How to stop lateral movement

Implementing certain preventive measures can significantly increase the difficulty for attackers to perform lateral movement:

• Conducting penetration testing: Organizations can employ ethical hackers to perform penetration testing, which involves thoroughly examining the network for vulnerabilities and attempting to infiltrate it without being detected. By sharing their findings, these hackers help the organization address and fix the security flaws that were exploited.

• Embracing Zero Trust security: This network security philosophy operates on the assumption that no user, device, or connection is inherently trustworthy. It requires continual re-authentication of both users and devices and adopts a least-privilege approach to access control. Furthermore, Zero Trust divides networks into smaller segments, making it harder for attackers to escalate privileges and easier for security administrators to detect and isolate initial infections. Access control is a fundamental part of this strategy.

• Employing endpoint security: Regularly scanning endpoint devices such as desktop computers, laptops, and smartphones using anti-malware software, alongside other security technologies, is crucial to bolster overall security measures.
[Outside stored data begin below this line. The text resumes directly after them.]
Lemma gam_last_le_1 : gam (s N) <= 1.
Proof.
  destruct (s_range N ltac:(lia)). pose proof (one_sub_gam (s N) ltac:(lra)).
  assert (0 <= 2 * s N / (1 + s N)) by (apply Rlt_le, Rdiv_lt_0_compat; lra). lra.
Qed.

Lemma target_chain_nonneg i : (n0 < i <= N)%nat -> 0 <= target (s i) (s (pred i)).
Proof.
  intro Hi. destruct (chain_pred_bounds i Hi). apply target_nonneg; [apply s_range; lia | lra].
Qed.

Variable T : nat -> R.
Hypothesis T_start : T n0 = 0.
Hypothesis T_step : forall i, (n0 <= i < N)%nat ->
  T (S i) = (gam (s (S i)) - (1 - s (S i)) / (1 + s i)) + gam (s (S i)) * T i.

Lemma T_step_average i : (n0 <= i < N)%nat ->
  T (S i) = (1 - gam (s (S i))) * target (s (S i)) (s i) + gam (s (S i)) * T i.
Proof.
  intro Hi. rewrite T_step by lia.
  destruct (s_range i ltac:(lia)), (s_range (S i) ltac:(lia)).
  rewrite delta_as_average by lra. ring.
Qed.

Lemma T_le_target i : (n0 < i <= N)%nat -> T i <= target (s i) (s (pred i)).
Proof.
  apply (average_le_target (fun i => target (s i) (s (pred i))) (fun i => gam (s i)) T
           (gam (s N)) n0 N T_start T_step_average gam_chain_range target_chain_nonneg
           target_chain_mono).
Qed.

Lemma sum_lag_le :
  sum_range (S n0) N (fun i => target (s i) (s (pred i)) - T i) <= / 4.
Proof.
  set (u := fun i => target (s i) (s (pred i))).
  change (sum_range (S n0) N (fun i => u i - T i) <= / 4).
  destruct (s_range N ltac:(lia)) as [HsN0 HsN1].
  pose proof (lag_sum_le u (fun i => gam (s i)) T (gam (s N)) n0 N T_start T_step_average
                gam_chain_range gam_last_le_1 target_chain_nonneg target_chain_mono n0_lt_N)
    as Hlag.
  rewrite one_sub_gam in Hlag by lra.
  apply Rle_trans with (u N * ((1 + s N) / (2 * s N))).
  - replace (sum_range (S n0) N (fun i => u i - T i))
      with (2 * s N / (1 + s N) * sum_range (S n0) N (fun i => u i - T i)
            * ((1 + s N) / (2 * s N))) by (field; lra).
    apply Rmult_le_compat_r; [apply Rlt_le, Rdiv_lt_0_compat; lra | exact Hlag].
  - destruct (chain_pred_bounds N ltac:(lia)).
    eapply Rle_trans; [apply target_mul_le; lra|]. rewrite (chain_pred N ltac:(lia)).
    apply Rle_div_l; [pose proof (pow_lt (s N) 3 HsN0); lra | lra].
Qed.

Lemma chain_average_bound :
  - / 2 * ln (s N) - 3 <= sum_range (S n0) N T <= - / 2 * ln (s N) + 1.
Proof.
  pose proof sum_target_le. pose proof sum_target_ge. pose proof sum_lag_le.
  assert (sum_range (S n0) N T <= sum_range (S n0) N (fun i => target (s i) (s (pred i))))
    by (apply sum_range_le; intros; apply T_le_target; lia).
  rewrite sum_range_minus in *. lra.
Qed.

End Chain.

Lemma T_delta_S w N i : (2 <= i)%nat ->
  T_delta w N (S i)
  = (gam (sq_i w N (S i)) - (1 - sq_i w N (S i)) / (1 + sq_i w N i))
    + gam (sq_i w N (S i)) * T_delta w N i.
Proof.
  intro Hi. unfold T_delta. rewrite sum_prod_range_S by lia.
  unfold delta_. now replace (S i - 1)%nat with i by lia.
Qed.

Section ConcreteChain.
Variables (w : nat -> R) (N : nat).
Hypothesis N_ge_3 : (3 <= N)%nat.
Hypothesis eps_pos : 0 < theta w N - 1.
Hypothesis eps_le_1 : theta w N - 1 <= 1.
Hypothesis inv_N_le_eps : / INR N <= theta w N - 1.
Hypothesis eps_cube_ge : 1 <= INR N ^ 2 * (theta w N - 1) ^ 3.

Local Notation s := (sq_i w N).
Local Notation th := (theta w N).
Local Notation a := (/ (INR N * theta w N ^ 2)).

Lemma INR_N_ge_3 : 3 <= INR N.
Proof. replace 3 with (INR 3) by (simpl; lra). now apply le_INR. Qed.

Lemma sq_i_sq i : (1 <= i <= N)%nat -> s i ^ 2 = 1 - (INR i - 1) * a.
Proof.
  intro Hi. pose proof INR_N_ge_3. pose proof (le_INR _ _ (proj2 Hi)).
  assert (1 <= INR i) by (replace 1 with (INR 1) by reflexivity; apply le_INR; lia).
  assert (1 <= th ^ 2) by nra.
  unfold sq_i. rewrite pow2_sqrt; [unfold Rdiv; ring|].
  assert ((INR i - 1) / (INR N * th ^ 2) <= 1) by (apply Rle_div_l; nra).
  lra.
Qed.

Lemma sq_i_step i : (2 <= i < N)%nat -> s i ^ 2 = s (S i) ^ 2 + a.
Proof. intro Hi. rewrite !sq_i_sq by lia. rewrite S_INR. ring. Qed.

Lemma sq_i_range i : (2 <= i <= N)%nat -> 0 < s i <= 1.
Proof.
  intro Hi. pose proof INR_N_ge_3. pose proof (sq_i_sq i ltac:(lia)).
  pose proof (le_INR _ _ (proj2 Hi)).
  pose proof (sqrt_pos (1 - (INR i - 1) / (INR N * th ^ 2))).
  assert (2 <= INR i) by (replace 2 with (INR 2) by reflexivity; apply le_INR; lia).
  assert (1 <= th ^ 2) by nra.
  assert (0 < a) by (apply Rinv_0_lt_compat; nra).
  assert ((INR i - 1) * a < 1).
  { apply Rle_lt_trans with ((INR N - 1) * a); [nra|].
    assert (INR N * a <= 1).
    { replace (INR N * a) with (/ th ^ 2) by (field; split; lra).
      rewrite <- Rinv_1. apply Rinv_le_contravar; lra. }
    nra. }
  unfold sq_i in *. split; nra.
Qed.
• Implementing Identity and Access Management (IAM): Effective IAM involves closely managing user privileges, ensuring they are strictly aligned with their requirements. Granting excessive privileges increases the severity of potential account takeovers. Additionally, incorporating two-factor authentication (2FA) can impede lateral movement. With 2FA, compromising an account requires not only the user’s credentials but also the theft of the secondary authentication token, which poses a more significant challenge for attackers.
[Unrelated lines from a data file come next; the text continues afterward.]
Definition Gedge (n t : nat) (e : rel 'I_n) (x y : Gvtx n t) : bool :=
  match x, y with
  | inl (inl a), inl (inl b) => e a b
  | inl (inl _), inl (inr _) => true
  | inl (inr _), inl (inl _) => true
  | inl (inr (i, j)), inl (inr (i', j')) => (i != i') && (j != j')
  | inl (inl a), inr (m, _) => (val m != val a) && (val m != n + t)
  | inr (m, _), inl (inl a) => (val m != val a) && (val m != n + t)
  | inl (inr _), inr (m, _) => val m == n + t
  | inr (m, _), inl (inr _) => val m == n + t
  | inr _, inr _ => false
  end.

Definition alpha (n t : nat) (v : Gvtx n t) : nat :=
  match v with
  | inl (inl a) => val a + 1
  | inl (inr (i, _)) => n + (val i + 1)
  | inr (m, _) => val m + 1
  end.

Definition beta (n t : nat) (v : Gvtx n t) : nat :=
  match v with
  | inl (inl a) => val a + 1
  | inl (inr (_, j)) => n + (val j + 1)
  | inr (m, _) => val m + 1
  end.

Definition is_kcoloring (V : finType) (E : rel V) (k : nat) (c : V -> nat) : Prop :=
  (forall v, 1 <= c v <= k) /\ (forall x y, E x y -> c x != c y).

Definition differ_one (V : finType) (c c' : V -> nat) : Prop :=
  #|[pred v : V | c v != c' v]| = 1.

Definition recolor_walk (V : finType) (E : rel V) (k : nat)
    (c0 c1 : V -> nat) (m : nat) (p : nat -> V -> nat) : Prop :=
  (forall v, p 0 v = c0 v) /\ (forall v, p m v = c1 v) /\
  (forall i, i <= m -> is_kcoloring E k (p i)) /\
  (forall i, i < m -> differ_one (p i) (p i.+1)).

From mathcomp Require Import all_boot zify.
Set Implicit Arguments. Unset Strict Implicit. Unset Printing Implicit Defensive.

(* Take t - 1 independent vertices a_1, ..., a_{t-1} of G.  Recoloring each
   g_{a_r} to k = n + t + 1, a color used only on C_{n+t+1} which no vertex of
   V_G sees, frees the color a_r for row r of V_B, since the only vertices of
   V_C seen by V_B are those of C_{n+t+1}.  So we move every row r < t to the
   color a_r, which frees n + 1, ..., n + t - 1; then every column j < t to
   n + j; then the cells (r, t), r < t, to n + t; and finally lower the g_{a_r}
   back.  Each stage changes each vertex at most once and all intermediate
   colorings are proper, for a total of
   (t - 1) + (t - 1) t + t (t - 1) + (t - 1) + (t - 1) <= 2 t + 2 t^2 steps. *)

Definition recolorable (V : finType) (E : rel V) (k : nat) (c0 c1 : V -> nat)
    (M : nat) : Prop :=
  exists m p, m <= M /\ recolor_walk E k c0 c1 m p.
• Utilizing Toffs One: Toffs One offers a comprehensive solution that combines networking services with Zero Trust security. By integrating with identity management and endpoint security solutions, Toffs One replaces the need for multiple security products with a unified platform. This platform effectively prevents lateral movement and safeguards against other types of attacks. To learn more about Toffs One, visit their website.

By implementing these measures, organizations can enhance their security posture and mitigate the risks associated with lateral movement and other cyber threats.